Проза. Поэзия. Сценарии - [116]

Шрифт
Интервал

Эртебиз(стоя, с бумагами в руке). Первое: вас обвиняют в невиновности, то есть в посягательстве на правосудие, будучи способным совершить все преступления и виновным в совершении оных, а не одного конкретного, подпадающего под нашу юрисдикцию и заслуживающего определенного наказания.

Второе: вас обвиняют в постоянном и несанкционированном нарушении границ мира, который не является вашим. Признаете ли вы себя виновным или нет?

Поэт. Признаю себя виновным по первому и второму пунктам. Признаюсь в том, что был скован опасностью совершить ошибки, которых я не допускал, признаюсь, что часто хотел перепрыгнуть через четвертую, тайную, стену, на которой человек пишет слова любви и сновидений.

Принцесса. Почему?

Поэт. Наверное, я слишком устал от мира, к которому привык и слишком не люблю привычки. Еще и потому, что есть во мне непослушание, которое бесстрашно противостоит всем правилам, дух творчества, который есть не что иное как высшая форма противостояния, присущая людям.

Принцесса. Если я не ошибаюсь, непослушание стало для вас отправлением культа?

Поэт. Как бы жили без него дети, герои, художники?

Эртебиз. Им бы только оставалось полагаться на свою звезду.

Принцесса. Мы здесь не для того чтобы играть в ораторские безделушки. Положите цветок на стол.


Поэт кладет цветок и тот исчезает.


Принцесса. Откуда у вас этот цветок?

Поэт. Его мне дал Сежест.

Эртебиз. Сежест? Если память мне не изменяет, это искаженное «Сегеста» — храм на Сицилии.

Поэт. Быть может, но это еще и молодой поэт из моего фильма «Орфей». А раньше он был одним из ангелов в поэме «Ангел Эртебиз».

Принцесса. Что вы подразумеваете под словом «фильм»?

Поэт. Фильм — это источник застывающей мысли.
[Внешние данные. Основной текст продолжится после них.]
Lemma occurs_atP u s p : reflect (p + size u <= size s /\
    forall j, j < size u -> nth 0 u j <= nth 0 s (p + j)) (occurs_at u s p).
Proof.
rewrite /occurs_at; have [fit /=|] := boolP (p + size u <= size s); last by constructor; case.
have eq_size : size u = size (take (size u) (drop p s)).
  by rewrite size_take size_drop; case: ltnP => //; lia.
apply: (iffP (all2_leqP eq_size)) => [le_u|[_ le_u] j lt_j].
  by split=> // j lt_j; have := le_u j lt_j; rewrite nth_take // nth_drop.
by rewrite nth_take // nth_drop; apply: le_u.
Qed.

Section InclusionExclusion.
Variables (T I : finType) (A : pred T).
Local Open Scope ring_scope.

Definition card_forall_in (D : T -> I -> bool) (P : {set I}) :=
  #|[set w | A w && [forall i in P, D w i]]|%N.

Lemma card_set_sum (Q : pred T) : (#|[set w | Q w]|%:R : int) = \sum_w ((Q w)%:R : int).
Proof.
rewrite -sum1_card natr_sum big_mkcond /=; apply: eq_bigr => w _.
by rewrite inE; case: (Q w).
Qed.

Lemma indicator_forall_in (D : T -> I -> bool) w (J : {set I}) :
  \prod_i (if i \in J then - ((D w i)%:R : int) else 1) =
  (-1) ^+ #|J| * ([forall i in J, D w i])%:R.
Proof.
rewrite -big_mkcond /= prodrN; congr (_ * _).
have [all_D|/forall_inPn[i iJ /negbTE not_D]] := boolP [forall i in J, D w i].
  by rewrite big1 // => i /(forall_inP all_D) ->.
by rewrite (bigD1 i iJ) /= not_D mul0r.
Qed.

Lemma indicator_exists (D : T -> I -> bool) w :
  1 - (([exists i, D w i])%:R : int) = \prod_i (- ((D w i)%:R) + 1).
Proof.
have [/existsP[i D_i]|/existsPn no_D] := boolP [exists i, D w i].
  by rewrite (bigD1 i) //= D_i subrr addNr mul0r.
by rewrite subr0 big1 // => i _; rewrite (negbTE (no_D i)) oppr0 add0r.
Qed.

Lemma card_exists_incl_excl (D : T -> I -> bool) :
  (#|[set w | A w]|%:R : int) - (#|[set w | A w && [exists i, D w i]]|%:R)
  = \sum_(P : {set I}) (-1) ^+ #|P| * (card_forall_in D P)%:R.
Proof.
rewrite !card_set_sum -sumrB.
transitivity (\sum_w (A w)%:R * (1 - (([exists i, D w i])%:R : int))).
  by apply: eq_bigr => w _; case: (A w); rewrite ?mul1r ?mul0r ?subrr.
under eq_bigr => w _ do rewrite indicator_exists bigA_distr mulr_sumr.
rewrite exchange_big /=; apply: eq_bigr => P _.
rewrite /card_forall_in card_set_sum mulr_sumr; apply: eq_bigr => w _.
rewrite indicator_forall_in mulrCA; congr (_ * _).
by case: (A w); rewrite ?mul1r ?mul0r.
Qed.

Lemma card_exists_eq (D1 D2 : T -> I -> bool) :
  (forall P, card_forall_in D1 P = card_forall_in D2 P) ->
  #|[set w | A w && [exists i, D1 w i]]|%N = #|[set w | A w && [exists i, D2 w i]]|%N.
Proof.
move=> eq_all.
have : \sum_(P : {set I}) (-1) ^+ #|P| * ((card_forall_in D1 P)%:R : int) =
       \sum_(P : {set I}) (-1) ^+ #|P| * (card_forall_in D2 P)%:R.
  by apply: eq_bigr => P _; rewrite eq_all.
rewrite -!card_exists_incl_excl => /addrI /oppr_inj /eqP.
by rewrite eqr_nat => /eqP.
Qed.

Lemma card_exists_neq (D1 D2 : T -> I -> bool) (P0 : {set I}) :
  card_forall_in D1 P0 <> card_forall_in D2 P0 ->
  (forall P, P != P0 -> card_forall_in D1 P = card_forall_in D2 P) ->
  #|[set w | A w && [exists i, D1 w i]]|%N <> #|[set w | A w && [exists i, D2 w i]]|%N.
Proof.
move=> ne_P0 eq_others eq_exists.
have := card_exists_incl_excl D1; rewrite eq_exists card_exists_incl_excl.
move/eqP; rewrite eq_sym -subr_eq0 -sumrB (bigD1 P0) //= big1 ?addr0.
  by rewrite -mulrBr mulf_eq0 signr_eq0 subr_eq0 eqr_nat => /eqP.
by move=> P /eq_others ->; rewrite subrr.
Qed.

End InclusionExclusion.

Section Occurrences.
Variables (L m : nat).
Implicit Types (u : seq nat) (P : {set 'I_L.+1}).

Definition pos_words_of_sum (w : L.-tuple 'I_m.+1) :=
  pword (map val w) && (sumn (map val w) == m).

Definition occ u (w : L.-tuple 'I_m.+1) (p : 'I_L.+1) := occurs_at u (map val w) p.

Lemma FcoefE u : Fcoef u L m = #|[set w | pos_words_of_sum w && [exists p, occ u w p]]|.
Proof.
apply: eq_card => w; rewrite !inE /pos_words_of_sum /occ -andbA.
by rewrite (gfo_occurs_at _ (N := L)) // size_map size_tuple.
Qed.

Definition cover_max u P q :=
  \max_(p in P | (p <= q) && (q < p + size u)) nth 0 u (q - p).

Definition weight u P := \sum_(q < L) maxn 1 (cover_max u P q).

Lemma card_occ_all_oversize u P p : p \in P -> L < p + size u ->
  card_forall_in pos_words_of_sum (occ u) P = 0.
Proof.
move=> pP lt_L; apply: eq_card0 => w; rewrite inE.
apply/negP => /andP[_ /forall_inP /(_ p pP) /occurs_atP[]].
by rewrite size_map size_tuple; lia.
Qed.

Lemma card_occ_all u P : (forall p, p \in P -> p + size u <= L) ->
  card_forall_in pos_words_of_sum (occ u) P =
  #|dom_words L m (fun q => maxn 1 (cover_max u P q))|.
Proof.
move=> fit; apply: eq_card => w; rewrite !inE /pos_words_of_sum.
have size_w : size (map val w) = L by rewrite size_map size_tuple.
apply/andP/andP => [[/andP[pos_w sum_w] occ_w]|[sum_w dom_w]].
  split=> //; apply/forallP => q; rewrite geq_max; apply/andP; split.
    by apply: (all_nthP 0 pos_w); rewrite size_w.
  apply/bigmax_leqP => p /andP[pP /andP[le_pq lt_q]].
  have /occurs_atP[_ le_u] := forall_inP occ_w p pP.
  by have := le_u (q - p); rewrite subnKC //; apply; lia.
split.
  rewrite sum_w andbT; apply/(all_nthP 0) => i; rewrite size_w => lt_i.
  by have := forallP dom_w (Ordinal lt_i); rewrite geq_max => /andP[].
apply/forall_inP => p pP; apply/occurs_atP.
split=> [|j lt_j]; first by rewrite size_w fit.
have lt_L : p + j < L by have := fit p pP; lia.
have := forallP dom_w (Ordinal lt_L); rewrite geq_max => /andP[_]; apply: leq_trans.
rewrite /= -{1}(addKn p j); apply: (leq_bigmax_cond p); rewrite pP leq_addr /=; lia.
Qed.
Фильм воскрешает мертвые дела. Фильм позволяет придать ирреальному форму реальности.

Принцесса. Что вы называете «ирреальным»?

Поэт. То, что выходит за наши убогие рамки.

Эртебиз. В общем, получается, что среди вас есть такие, что похожи на калеку без рук и без ног, который спит и видит, будто бегает и жестикулирует?

Поэт. Вы дали блестящее определение поэта.

Принцесса. Кого вы называете поэтом?

Поэт. Поэт, сочиняя стихи, использует язык, ни мертвый, ни живой. Мало кто говорит на нем, и мало кто его способен слышать.

Принцесса. Зачем же эти люди говорят на этом языке?

Поэт. Затем, что они ищут соплеменников в том мире, где эксгибиционизм, состоящий в демонстрации своей обнаженной души, практикуется только слепыми.

Эртебиз. Сежест!

Сежест(ждет, сидя на ступеньках, своего выхода). Я!

Принцесса. Кто вы?

Сежест(подходит к столу). Приемный сын этого человека. Мое настоящее имя — Эдуард. Я художник.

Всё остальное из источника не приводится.